Kirchoff's Law

1. Jun 6, 2004

brentd49

I'm having a problem with Kirchoff's law because It seems it can be interpreted 2 ways. Perhaps they both arrive at the same answer, but if you could help me out as to which way to do it or if it matters.
1. the Integral[E*dl]=0, in a closed loop
2. the algebraic sum of the voltages in a closed loop equals zero.

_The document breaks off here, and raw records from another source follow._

(* Let $n$ be an odd perfect square divisible by $p^4$ for some prime $p\ge7$. Then $C_{S(n)^*}=5$.
   Context: For a natural number $n$, $\mathbb Z_n=\mathbb Z/n\mathbb Z$, $S(n)=\{x^2:x\in\mathbb Z_n\}$, $S(n)^*=S(n)\setminus\{0\}$. For $A\subseteq\mathbb Z_n$, a sequence $(y_1,\dots,y_t)$ ($t\ge1$) in $\mathbb Z_n$ is an $A$-weighted zero-sum sequence if there exist $a_1,\dots,a_t\in A$ with $\sum a_iy_i=0$. $C_A(n)$ is the least positive integer $t$ such that every sequence of length $t$ in $\mathbb Z_n$ has a nonempty subsequence of consecutive terms that is an $A$-weighted zero-sum sequence; $C_{S(n)^*}=C_{S(n)^*}(n)$. *)

From mathcomp Require Import all_boot all_order all_algebra.
Set Implicit Arguments. Unset Strict Implicit. Unset Printing Implicit Defensive.
Import GRing.Theory.
Local Open Scope ring_scope.

(* S(n) = set of squares in Z_n ; S(n)^* = nonzero squares.  Used with 1 < n. *)
Definition sq_set (n : nat) : {set 'Z_n} := [set x * x | x : 'Z_n].
Definition sq_set_star (n : nat) : {set 'Z_n} := sq_set n :\ 0.

Definition weighted_zero_sum (n : nat) (A : {set 'Z_n}) (s : seq 'Z_n) : Prop :=
  exists a : seq 'Z_n, [/\ size a = size s, all (fun x => x \in A) a &
    \sum_(i < size s) a`_i * s`_i = 0].

Definition consec_zs_property (n : nat) (A : {set 'Z_n}) (t : nat) : Prop :=
  forall s : seq 'Z_n, size s = t ->
    exists i j : nat, [/\ (i < j)%N, (j <= t)%N &
      weighted_zero_sum A (drop i (take j s))].

Definition is_C (n : nat) (A : {set 'Z_n}) (t : nat) : Prop :=
  [/\ (0 < t)%N, consec_zs_property A t &
      forall t', (0 < t')%N -> (t' < t)%N -> ~ consec_zs_property A t'].

From mathcomp Require Import all_boot all_order all_algebra.
From mathcomp Require Import zify ring.
Set Implicit Arguments. Unset Strict Implicit. Unset Printing Implicit Defensive.
Import GRing.Theory.
Local Open Scope ring_scope.

(* Write n = m^2 with m = M p^2.  Upper bound: among five terms y_i, either p^2 divides some
   y_i, and the nonzero square (M p)^2 kills it alone, or at least three y_i are prime to p,
   or at least three are exactly divisible by p.  Over F_p with p >= 7, three or more nonzero
   z_i always admit sum s_i^2 z_i = 0 with every s_i nonzero; Hensel lifting makes this hold
   modulo a power of p, and the weights (M s_i)^2 are then nonzero squares killing all five
   terms.  Lower bound: let P = rad m and let -c be a non-residue modulo every prime q | m
   (CRT).  Descent at each q shows that x1^2 + P x2^2 + c x3^2 + c P x4^2 = 0 mod m^2 forces
   m | x_i, so no block of consecutive terms of (1, P, c, c P) is a zero sum with nonzero
   square weights. *)

Definition is_square (R : finNzRingType) (x : R) : bool := [exists y, y * y == x].

Lemma is_squareP (R : finNzRingType) (x : R) : reflect (exists y, y * y = x) (is_square x).
Proof. by apply: (iffP existsP) => -[y /eqP]; exists y. Qed.

Lemma is_square_sqr (R : finNzRingType) (x : R) : is_square (x * x).
Proof. by apply/is_squareP; exists x. Qed.

Lemma is_square0 (R : finNzRingType) : is_square (0 : R).
Proof. by rewrite -(mul0r 0) is_square_sqr. Qed.

Lemma nonsquare_neq0 (R : finNzRingType) (x : R) : ~~ is_square x -> x != 0.
Proof. by apply: contraNneq => ->; apply: is_square0. Qed.

Lemma is_squareM (R : finComNzRingType) (x y : R) :
  is_square x -> is_square y -> is_square (x * y).
Proof. by move=> /is_squareP[u <-] /is_squareP[v <-]; rewrite mulrACA is_square_sqr. Qed.

Lemma is_squareV (F : finFieldType) (x : F) : is_square x^-1 = is_square x.
Proof.
suff sqV (y : F) : is_square y -> is_square y^-1.
  by apply/idP/idP => /sqV //; rewrite invrK.
by move=> /is_squareP[u <-]; rewrite invfM is_square_sqr.
Qed.

Section PrimeField.

Variable p : nat.
Hypotheses (p_pr : prime p) (p_odd : odd p).

Lemma Fp_nat_eq0 k : ((k%:R : 'F_p) == 0) = (p %| k)%N.
Proof. by rewrite -(inj_eq val_inj) /= val_Fp_nat. Qed.

Lemma Fp_nat_neq0 k : (0 < k < p)%N -> (k%:R : 'F_p) != 0.
Proof. by move=> /andP[k_gt0 k_lt]; rewrite Fp_nat_eq0; apply/negP => /(dvdn_leq k_gt0); lia. Qed.

Lemma succ_double_half : (p./2 + p./2).+1 = p.
Proof. by rewrite addnn -{2}(odd_double_half p) p_odd. Qed.

Lemma card_squares_Fp : (p./2.+1 <= #|[set x : 'F_p | is_square x]|)%N.
Proof.
pose sq (i : 'I_(p./2.+1)) : 'F_p := i%:R * i%:R.
have sq_inj : injective sq.
  move=> i j /eqP; rewrite -subr_eq0.
  have -> : sq i - sq j = (i%:R - j%:R) * (i%:R + j%:R) by rewrite /sq; ring.
  have lt_ij : (i + j < p)%N.
    by have := ltn_ord i; have := ltn_ord j; have := succ_double_half; lia.
  rewrite mulf_eq0 subr_eq0 -natrD Fp_nat_eq0 => /orP[/eqP /(congr1 val)|].
    by rewrite /= !val_Fp_nat // !modn_small => [/val_inj //||]; lia.
  have [ij0 _|ij_gt0 /(dvdn_leq ij_gt0)] := posnP (i + j); last lia.
  by apply: val_inj => /=; lia.
rewrite -{1}(card_ord p./2.+1) -(card_imset _ sq_inj).
by apply/subset_leq_card/subsetP => _ /imsetP[i _ ->]; rewrite inE is_square_sqr.
Qed.

(* Multiplying by a non-square [a] maps the [#|Q|] elements of [b |: Q :\ 0] into
   the complement of the set [Q] of squares, so [2 #|Q| <= p]. *)
Lemma nonsquareM (a b : 'F_p) :
  ~~ is_square a -> ~~ is_square b -> is_square (a * b).
Proof.
move=> na nb; have [//|nab] := boolP (is_square (a * b)); exfalso.
set Q := [set x : 'F_p | is_square x].
have a_neq0 := nonsquare_neq0 na.
have to_nonsq : ( *%R a) @: (b |: (Q :\ 0)) \subset ~: Q.
  apply/subsetP => _ /imsetP[x + ->]; rewrite !inE.
  case/orP => [/eqP-> // | /andP[x_neq0 /is_squareP[v hv]]].
  apply: contra na => /is_squareP[w hw].
  have v_neq0 : v != 0 by apply: contraNneq x_neq0 => v0; rewrite -hv v0 mulr0.
  by apply/is_squareP; exists (w / v); rewrite -[a](mulfK x_neq0) -hw -hv; field.
have := subset_leq_card to_nonsq.
rewrite card_imset; last exact: mulfI.
rewrite cardsU1 !inE (negbTE nb) andbF /=.
have := cardsC Q; rewrite card_Fp //.
have := cardsD1 0 Q; rewrite inE is_square0 /=.
have := card_squares_Fp; have := succ_double_half; rewrite -/Q.
move: #|Q| #|~: Q| #|Q :\ 0| p./2 => q c d h; lia.
Qed.

Lemma exists_nonsquare : exists t : 'F_p, ~~ is_square t.
Proof.
apply/existsP; rewrite -negb_forall; apply: contraTN p_odd => /forallP all_sq.
pose sq (x : 'F_p) := x * x.
have sq_onto : sq @: setT = setT.
  apply/setP => y; rewrite inE; have /is_squareP[x <-] := all_sq y.
  by apply/imsetP; exists x.
have /imset_injP sq_inj : #|sq @: setT| == #|[set: 'F_p]| by rewrite sq_onto.
have := sq_inj 1 (-1) (in_setT _) (in_setT _).
rewrite /sq mulrNN => /(_ erefl) /eqP; rewrite -subr_eq0 opprK -mulr2n Fp_nat_eq0.
by rewrite dvdn_prime2 // => /eqP ->.
Qed.

Lemma consecutive_nonsquare : exists g : 'F_p, g != 0 /\ ~~ is_square (g * g + 1).
Proof.
have [t] := exists_nonsquare; rewrite -(natr_Zp t); elim: (val t) => [|k IH].
  by rewrite is_square0.
have [/is_squareP[g hg] | /IH //] := boolP (is_square (k%:R : 'F_p)).
rewrite -natr1 -hg => nsq; exists g; split => //.
by apply: contraNneq nsq => g0; rewrite g0 mul0r add0r -(mulr1 1) is_square_sqr.
Qed.

Lemma square_among_three (a b c : 'F_p) : a != 0 ->
  [|| is_square (a * b), is_square (a * c) | is_square (b * c)].
Proof.
move=> a_neq0; have [//|nab] := boolP (is_square (a * b)).
have [//|nac /=] := boolP (is_square (a * c)).
have := is_squareM (nonsquareM nab nac) (is_square_sqr a^-1).
suff -> : a * b * (a * c) * (a^-1 * a^-1) = b * c by [].
by field.
Qed.

End PrimeField.

Lemma prime_gt2_odd p : prime p -> (2 < p)%N -> odd p.
Proof. by move=> p_pr; case: (even_prime p_pr) => [->|]. Qed.

Section PrimeFieldGe7.

Variable p : nat.
Hypotheses (p_pr : prime p) (p_ge7 : (7 <= p)%N).

Let p_odd : odd p. Proof. by apply: prime_gt2_odd; lia. Qed.

Let small_neq0 k : (0 < k < 7)%N -> (k%:R : 'F_p) != 0.
Proof. by move=> k_small; apply: Fp_nat_neq0; lia. Qed.

(* One of [2 = 1 + 1], [5 = 4 + 1] and [10 = 9 + 1 = 2 * 5] is a square. *)
Lemma consecutive_squares : exists g k : 'F_p, [/\ g != 0, k != 0 & g * g + 1 = k * k].
Proof.
suff [g [g_neq0 /is_squareP[k hk] sq_neq0]] :
    exists g : 'F_p, [/\ g != 0, is_square (g * g + 1) & g * g + 1 != 0].
  by exists g, k; split=> //; apply: contraNneq sq_neq0 => k0; rewrite -hk k0 mulr0.
have sqr_succ j : (j%:R * j%:R + 1 : 'F_p) = (j * j).+1%:R by rewrite -natrM natr1.
have [sq2 | n2] := boolP (is_square (2%:R : 'F_p)).
  by exists 1%:R; rewrite sqr_succ !small_neq0.
have [sq5 | n5] := boolP (is_square (5%:R : 'F_p)).
  by exists 2%:R; rewrite sqr_succ !small_neq0.
exists 3%:R; rewrite sqr_succ (natrM _ 2 5) nonsquareM // small_neq0 //.
by rewrite mulf_neq0 ?small_neq0.
Qed.

Lemma sum_two_nonzero_squares (d : 'F_p) : d != 0 ->
  exists u v : 'F_p, [/\ u != 0, v != 0 & u * u + v * v = d].
Proof.
move=> d_neq0; have [/is_squareP[e he] | nd] := boolP (is_square d).
  have e_neq0 : e != 0 by apply: contraNneq d_neq0 => e0; rewrite -he e0 mulr0.
  have [g [k [g_neq0 k_neq0 hgk]]] := consecutive_squares.
  exists (e * g / k), (e / k); split; rewrite ?mulf_neq0 ?invr_eq0 //.
  have -> : e * g / k * (e * g / k) + e / k * (e / k) = e * e * (g * g + 1) / (k * k).
    by field.
  by rewrite hgk mulfK ?mulf_neq0 // he.
have [g [g_neq0 ng]] := consecutive_nonsquare p_pr p_odd.
have g1_neq0 := nonsquare_neq0 ng.
have /is_squareP[l hl] : is_square (d / (g * g + 1)).
  by apply: nonsquareM; rewrite ?is_squareV.
have l_neq0 : l != 0.
  by apply: contraTneq (mulf_neq0 d_neq0 (invr_neq0 g1_neq0)) => l0; rewrite -hl l0 mulr0.
exists (l * g), l; split; rewrite ?mulf_neq0 //.
have -> : l * g * (l * g) + l * l = l * l * (g * g + 1) by ring.
by rewrite hl divfK.
Qed.

Lemma binary_sq_form_onto (a b c : 'F_p) :
  a != 0 -> b != 0 -> is_square (a * b) -> c != 0 ->
  exists x y : 'F_p, [/\ x != 0, y != 0 & x * x * a + y * y * b = c].
Proof.
move=> a_neq0 b_neq0 /is_squareP[w hw] c_neq0.
have w_neq0 : w != 0.
  by apply: contraTneq (mulf_neq0 a_neq0 b_neq0) => w0; rewrite -hw w0 mulr0.
have [u [v [u_neq0 v_neq0 huv]]] := sum_two_nonzero_squares (mulf_neq0 c_neq0 (invr_neq0 a_neq0)).
exists u, (v * a / w); split; rewrite ?mulf_neq0 ?invr_neq0 //.
have -> : b = w * w / a by rewrite hw mulrC mulKf.
rewrite -[c](divfK a_neq0) -huv; field.
by rewrite a_neq0 w_neq0.
Qed.

Section WeightedSum.

Variables (T : finType) (I : {set T}) (z : T -> 'F_p).
Hypothesis z_neq0 : {in I, forall i, z i != 0}.

(* Weight [ic] by [e] in {1, 2} so that the terms outside [ia], [ib] do not cancel. *)
Lemma sq_weighted_sum_eq0_of_pair ia ib ic :
  ia \in I -> ib \in I -> ic \in I -> ia != ib -> ia != ic -> ib != ic ->
  is_square (z ia * z ib) ->
  exists s : T -> 'F_p, {in I, forall i, s i != 0} /\ \sum_(i in I) s i * s i * z i = 0.
Proof.
move=> Ia Ib Ic nab nac nbc sq_ab.
set S := \sum_(i in I :\ ia :\ ib :\ ic) z i.
have [e [e_neq0 rest_neq0]] : exists e : 'F_p, e != 0 /\ - (e * e * z ic + S) != 0.
  have [rest1 | ] := eqVneq (1 * 1 * z ic + S) 0; last by exists 1; rewrite oppr_eq0 oner_neq0.
  exists 2%:R; split; rewrite ?oppr_eq0 ?small_neq0 //.
  have -> : 2%:R * 2%:R * z ic + S = 3%:R * z ic + (1 * 1 * z ic + S) by ring.
  by rewrite rest1 addr0 mulf_neq0 ?small_neq0 ?z_neq0.
have [x [y [x_neq0 y_neq0 hxy]]] := binary_sq_form_onto (z_neq0 Ia) (z_neq0 Ib) sq_ab rest_neq0.
pose s i := if i == ia then x else if i == ib then y else if i == ic then e else 1.
exists s; split.
  by move=> i _; rewrite /s; do 3?case: ifP => _ //; rewrite oner_neq0.
have Ib' : ib \in I :\ ia by rewrite !inE eq_sym nab Ib.
have Ic' : ic \in I :\ ia :\ ib by rewrite !inE ![ic == _]eq_sym nac nbc Ic.
rewrite (big_setD1 ia) // (big_setD1 ib) // (big_setD1 ic) //=.
have -> : \sum_(i in I :\ ia :\ ib :\ ic) s i * s i * z i = S.
  apply: eq_bigr => i; rewrite !inE /s => /and4P[/negbTE-> /negbTE-> /negbTE-> _].
  by rewrite !mul1r.
rewrite /s !eqxx ![_ == ia]eq_sym [ic == ib]eq_sym (negbTE nab) (negbTE nac) (negbTE nbc).
by rewrite addrA hxy addNr.
Qed.

Lemma sq_weighted_sum_eq0 : (3 <= #|I|)%N ->
  exists s : T -> 'F_p, {in I, forall i, s i != 0} /\ \sum_(i in I) s i * s i * z i = 0.
Proof.
move=> I_ge3.
have [i1 I1] : exists i1, i1 \in I by apply/card_gt0P; lia.
have [i2 I2] : exists i2, i2 \in I :\ i1.
  by apply/card_gt0P; have := cardsD1 i1 I; rewrite I1; lia.
have [i3 I3] : exists i3, i3 \in I :\ i1 :\ i2.
  apply/card_gt0P; have := cardsD1 i2 (I :\ i1); have := cardsD1 i1 I.
  by rewrite I1 I2; lia.
move: I2 I3; rewrite !inE => /andP[n21 I2] /and3P[n32 n31 I3].
have [n12 n13 n23] : [/\ i1 != i2, i1 != i3 & i2 != i3] by split; rewrite eq_sym.
case/or3P: (square_among_three p_pr p_odd (z i2) (z i3) (z_neq0 I1)) => sq.
- exact: (sq_weighted_sum_eq0_of_pair I1 I2 I3).
- exact: (sq_weighted_sum_eq0_of_pair I1 I3 I2).
- exact: (sq_weighted_sum_eq0_of_pair I2 I3 I1).
Qed.

End WeightedSum.

End PrimeFieldGe7.

Section HenselLifting.

Variable p : nat.
Hypotheses (p_pr : prime p) (p_odd : odd p).
(* Let $k\geq3$, $A=\{0,1,\dots,k-1\}$, $N=k-1$ and let $T\colon A^{N^2}\to A$ be given by $T(x_{1,1},\dots,x_{1,N},\dots,x_{N,1},\dots,x_{N,N})=1$ if $x_{i,j}=i$ for all $i,j$ or $x_{i,j}=j$ for all $i,j$, and $0$ otherwise. Then for all $1\leq n<k-1$, \[\{T\}^{**(n)}=\{T\}^{*(1)*(n)}=J_n(A)\cup\{c^n_0\},\] where $c^n_0$ is the $n$-ary constant zero function and $J_n(A)$ the set of $n$-ary projections.
   Context: An $m$-ary $g$ commutes with an $n$-ary $h$ if $g\bigl((h((x_{ij})_{j}))_{i}\bigr)=h\bigl((g((x_{ij})_{i}))_{j}\bigr)$ for all $(x_{ij})\in A^{m\times n}$. For a set $F$ of finitary operations on $A$ (positive arity), $F^*$ is the set of all such operations commuting with every member of $F$, and $F^{(n)}$ the set of $n$-ary members of $F$. Superscripts apply from left to right, e.g. $\{T\}^{*(1)*(n)}=(((\{T\}^* )^{(1)})^* )^{(n)}$ and $\{T\}^{**(n)}=((\{T\}^* )^* )^{(n)}$. *)

From mathcomp Require Import all_boot.
Set Implicit Arguments. Unset Strict Implicit. Unset Printing Implicit Defensive.

Definition op (A : Type) (m : nat) := ('I_m -> A) -> A.

Definition fop (A : Type) := {m : nat & op A m}.

Definition opset (A : Type) := fop A -> Prop.

Definition commutes (A : Type) (m n : nat) (g : op A m) (h : op A n) : Prop :=
  forall x : 'I_m -> 'I_n -> A,
    g (fun i => h (fun j => x i j)) = h (fun j => g (fun i => x i j)).

Definition centralizer (A : Type) (F : opset A) : opset A :=
  fun p => 0 < projT1 p /\
    forall q : fop A, F q -> commutes (projT2 p) (projT2 q).

Definition arity_part (A : Type) (n : nat) (F : opset A) : opset A :=
  fun p => projT1 p = n /\ F p.

Definition singleton_op (A : Type) (m : nat) (f : op A m) : opset A :=
  fun p => p = existT (fun m => op A m) m f.

Definition opset_eq (A : Type) (F G : opset A) : Prop := forall p, F p <-> G p.

Definition proj_or_const0 (k n : nat) : opset 'I_k :=
  fun p => projT1 p = n /\
    ((exists i : 'I_(projT1 p), forall x, projT2 p x = x i) \/
     (forall x, nat_of_ord (projT2 p x) = 0)).

(* The operation T of arity N^2, N = k-1, on A = {0,...,k-1}.
   Argument index r*N + c (0-based r, c < N) holds x_{r+1,c+1}.
   T x = 1 if x_{i,j} = i for all i,j or x_{i,j} = j for all i,j, else 0. *)
Definition T_op (k : nat) (hk : 2 < k) : op 'I_k ((k-1) * (k-1)) :=
  fun x =>
    if [forall t : 'I_((k-1) * (k-1)), nat_of_ord (x t) == t %/ (k-1) + 1]
       || [forall t : 'I_((k-1) * (k-1)), nat_of_ord (x t) == t %% (k-1) + 1]
    then Ordinal (ltnW hk : 1 < k)
    else Ordinal (ltnW (ltnW hk) : 0 < k).
Arguments proj_or_const0 : clear implicits.

From mathcomp Require Import all_boot zify.
From Stdlib Require Import FunctionalExtensionality.

Set Implicit Arguments. Unset Strict Implicit. Unset Printing Implicit Defensive.

(* Projections commute with everything, and a constant c commutes with every
   operation fixing the constant tuple c.  Every member of {T}^* fixes the
   zero tuple because T vanishes on constant tuples; hence
   J_n(A) ∪ {c_0} ⊆ {T}^**(n) ⊆ {T}^*(1)*(n).
   Conversely, T is nonzero only on tuples containing all k-1 nonzero values.
   So for x ∈ A^n with n < k-1, the unary map u_x sending i+2 to x_i and every
   other value to 0 commutes with T, both sides being 0.  An n-ary g commuting
   with every u_x satisfies g(x) = u_x(g(2, ..., n+1)), so g is a projection or
   the constant 0 according to the value of g(2, ..., n+1). *)

Section Commutation.

Variable A : Type.

Lemma centralizer_antitone (F G : opset A) :
  (forall p, F p -> G p) -> forall p, centralizer G p -> centralizer F p.
Proof. by move=> FG p [p_gt0 Gp]; split=> // q /FG; apply: Gp. Qed.

Lemma commutes_proj m n (i : 'I_m) (h : op A n) : commutes (fun x => x i) h.
Proof. by []. Qed.

Lemma commutes_const m n (c : A) (h : op A n) :
  h (fun _ => c) = c -> commutes (fun _ : 'I_m -> A => c) h.
Proof. by move=> hc x; rewrite hc. Qed.

Lemma commutes_fix_const m n (h : op A m) (f : op A n) (d : A) :
  commutes h f -> (forall c, f (fun _ => c) = d) -> h (fun _ => d) = d.
Proof. by move=> hf f_const; have := hf (fun _ _ => d); rewrite !f_const. Qed.

Lemma bicentralizer_sub_arity_part n m (F : opset A) (p : fop A) :
  arity_part n (centralizer (centralizer F)) p ->
  arity_part n (centralizer (arity_part m (centralizer F))) p.
Proof. by case=> arity_p cent_p; split=> //; apply: centralizer_antitone cent_p => q []. Qed.

End Commutation.

Section OperationT.

Variables (k : nat) (hk : 2 < k).

Definition zero : 'I_k := Ordinal (ltnW (ltnW hk)).

Lemma T_op_lt2 (y : 'I_((k-1) * (k-1)) -> 'I_k) : T_op hk y < 2.
Proof. by rewrite /T_op; case: ifP. Qed.

Lemma T_op_codom (y : 'I_((k-1) * (k-1)) -> 'I_k) :
  T_op hk y != zero -> forall a : 'I_k, a != zero -> a \in codom y.
Proof.
move=> Ty_nz a; rewrite -(inj_eq val_inj) /= -lt0n => a_gt0.
have N_gt0 : 0 < k - 1 by rewrite subn_gt0 ltnW // ltnW.
have a1_lt : a - 1 < k - 1 by have := ltn_ord a; lia.
have sq_ge : k - 1 <= (k - 1) * (k - 1) by rewrite leq_pmull.
have a1N_lt : (a - 1) * (k - 1) < (k - 1) * (k - 1) by rewrite ltn_mul2r a1_lt N_gt0.
move: Ty_nz; rewrite /T_op; case: ifP => [/orP[] /forallP y_eq _ | _] //.
- apply/codomP; exists (Ordinal a1N_lt); apply: ord_inj.
  by rewrite (eqP (y_eq _)) /= mulnK // subnK.
- apply/codomP; exists (Ordinal (leq_trans a1_lt sq_ge)); apply: ord_inj.
  by rewrite (eqP (y_eq _)) /= modn_small // subnK.
Qed.

Lemma T_op_const (c : 'I_k) : T_op hk (fun _ => c) = zero.
Proof.
apply/eqP; apply: contraT => /T_op_codom c_all.
have /codomP[_ one_c] := c_all (Ordinal (ltnW hk)) isT.
have /codomP[_ two_c] := c_all (Ordinal hk) isT.
by move: (congr1 val (etrans one_c (esym two_c))).
Qed.

Lemma T_op_small_range (S : {set 'I_k}) (y : 'I_((k-1) * (k-1)) -> 'I_k) :
  #|S| < k - 1 -> (forall t, y t = zero \/ y t \in S) -> T_op hk y = zero.
Proof.
move=> S_small y_in; apply/eqP; apply: contraT => /T_op_codom y_all.
have : [set~ zero] \subset S.
  apply/subsetP => a; rewrite !inE => a_nz.
  have /codomP[t a_eq] := y_all a a_nz.
  by case: (y_in t) => [y0|]; [move: a_nz; rewrite a_eq y0 eqxx | rewrite a_eq].
by move/subset_leq_card; rewrite cardsC1 card_ord -subn1 leqNgt S_small.
Qed.

(* The offset 2 makes [shift_arg x] vanish on 0 and 1, the only values of T. *)
Definition shift_arg n (x : 'I_n -> 'I_k) (a : 'I_k) : 'I_k :=
  if 2 <= a then (if insub (a - 2) is Some i then x i else zero) else zero.

Definition shift_op n (x : 'I_n -> 'I_k) : op 'I_k 1 := fun a => shift_arg x (a ord0).

Lemma shift_arg_lt2 n (x : 'I_n -> 'I_k) (a : 'I_k) : a < 2 -> shift_arg x a = zero.
Proof. by rewrite /shift_arg ltnNge => /negbTE ->. Qed.

Lemma shift_arg_range n (x : 'I_n -> 'I_k) (a : 'I_k) :
  shift_arg x a = zero \/ shift_arg x a \in [set x i | i : 'I_n].
Proof.
rewrite /shift_arg; case: ifP => _; last by left.
by case: insubP => [i _ _|_]; [right; apply: imset_f | left].
Qed.

Lemma shift_arg_index n (x : 'I_n -> 'I_k) (i : 'I_n) (lt_ik : i + 2 < k) :
  shift_arg x (Ordinal lt_ik) = x i.
Proof.
rewrite /shift_arg /= leq_addl addnK.
by case: insubP => [j _ /val_inj -> | ]; rewrite ?ltn_ord.
Qed.

Lemma shift_op_centralizes_T n (x : 'I_n -> 'I_k) : n < k - 1 ->
  centralizer (singleton_op (T_op hk)) (existT _ 1 (shift_op x)).
Proof.
move=> n_lt; split=> // _ -> y /=; rewrite /shift_op shift_arg_lt2 ?T_op_lt2 //.
apply/esym/(T_op_small_range (S := [set x i | i : 'I_n])) => [|t].
  by rewrite (leq_ltn_trans (leq_imset_card _ _)) // cardT size_enum_ord.
exact: shift_arg_range.
Qed.

Lemma commutes_shift_op_proj_or_const0 n (g : op 'I_k n) : n < k - 1 ->
  (forall x : 'I_n -> 'I_k, commutes g (shift_op x)) ->
  proj_or_const0 k n (existT _ n g).
Proof.
move=> n_lt g_comm; have lt_ik (i : 'I_n) : i + 2 < k.
  by have := ltn_ord i; lia.
pose e i := Ordinal (lt_ik i).
have g_shift x : g x = shift_arg x (g e).
  rewrite -[RHS](g_comm x (fun i _ => e i)); congr g.
  by apply: functional_extensionality => i; rewrite /shift_op shift_arg_index.
split=> //=; rewrite /shift_arg in g_shift.
case: (2 <= g e) g_shift => g_shift; last by right=> x; rewrite g_shift.
case: (insub (g e - 2)) g_shift => [i|] g_shift; last by right=> x; rewrite g_shift.
by left; exists i.
Qed.

Lemma unary_bicentralizer_proj_or_const0 n (p : fop 'I_k) : n < k - 1 ->
  arity_part n (centralizer (arity_part 1 (centralizer (singleton_op (T_op hk))))) p ->
  proj_or_const0 k n p.
Proof.
case: p => m g n_lt [/= arity_g [_ g_comm]]; subst m.
apply: (commutes_shift_op_proj_or_const0 n_lt) => x.
exact: (g_comm (existT _ 1 (shift_op x)) (conj (erefl 1) (shift_op_centralizes_T x n_lt))).
Qed.

Lemma proj_or_const0_bicentralizer n (p : fop 'I_k) : 0 < n ->
  proj_or_const0 k n p ->
  arity_part n (centralizer (centralizer (singleton_op (T_op hk)))) p.
Proof.
case: p => m g n_gt0 [/= m_eq g_cases]; split=> //; split; first by rewrite /= m_eq.
move=> [m' h] [_ /(_ _ (erefl _)) hT] /=.
case: g_cases => [[i g_i] | g_0].
  by rewrite (functional_extensionality _ _ g_i); apply: commutes_proj.
have -> : g = fun _ => zero.
  by apply: functional_extensionality => x; apply: val_inj; rewrite /= g_0.
by apply/commutes_const/(commutes_fix_const hT); apply: T_op_const.
Qed.

End OperationT.

Theorem lemma3p6 (k : nat) (hk : 2 < k) (n : nat) :
  1 <= n -> n < k - 1 ->
  let TT := singleton_op (T_op hk) in
  opset_eq (arity_part n (centralizer (centralizer TT))) (proj_or_const0 k n) /\
  opset_eq (arity_part n (centralizer (arity_part 1 (centralizer TT))))
           (proj_or_const0 k n).
Proof.
move=> n_gt0 n_lt TT; split=> p; split.
- by move/bicentralizer_sub_arity_part/(unary_bicentralizer_proj_or_const0 n_lt).
- exact: proj_or_const0_bicentralizer.
- exact: unary_bicentralizer_proj_or_const0.
- by move/(proj_or_const0_bicentralizer hk n_gt0)/bicentralizer_sub_arity_part.
Qed.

The difference arrises in the sign. For instance, for the Integral[E*dl] going across a voltage source is -V because you are going against the electric field. But for the algebraic sum of voltages you are going to a higher potential so it is +V. Similarly for resitors the electric field (Integral[E*dl]) gives a +V, but for algebraic sum of voltages it is -V because there is a loss in potential. I don't understand I have never heard a explanation for this in my EE circuits class or physics class. What do you think?

2. Jun 6, 2004

baffledMatt

It doesn't matter because in both case the answer is zero. If you want you could write instead:
$$-\oint \underline E . \underline dl = 0$$
which is exactly the same thing and corresponds to the second form you have there.

Matt

3. Jun 6, 2004

turin

I concur with baffledMatt.

I do want to mention, though, that the first form that you have mentioned will lead to a non-trivial violation for high speed circuits. There are various generalizations that will allow it to show up in the second form, but it is better explained by a generalization of the first (called Faraday's Law). If you are an EE undergrad, you may never run into it. I think they give you the criterion for being able to use the circuit theory that you are learning as applying to circuits smaller than about a tenth of a wavelength. This takes care of the low speed approximation.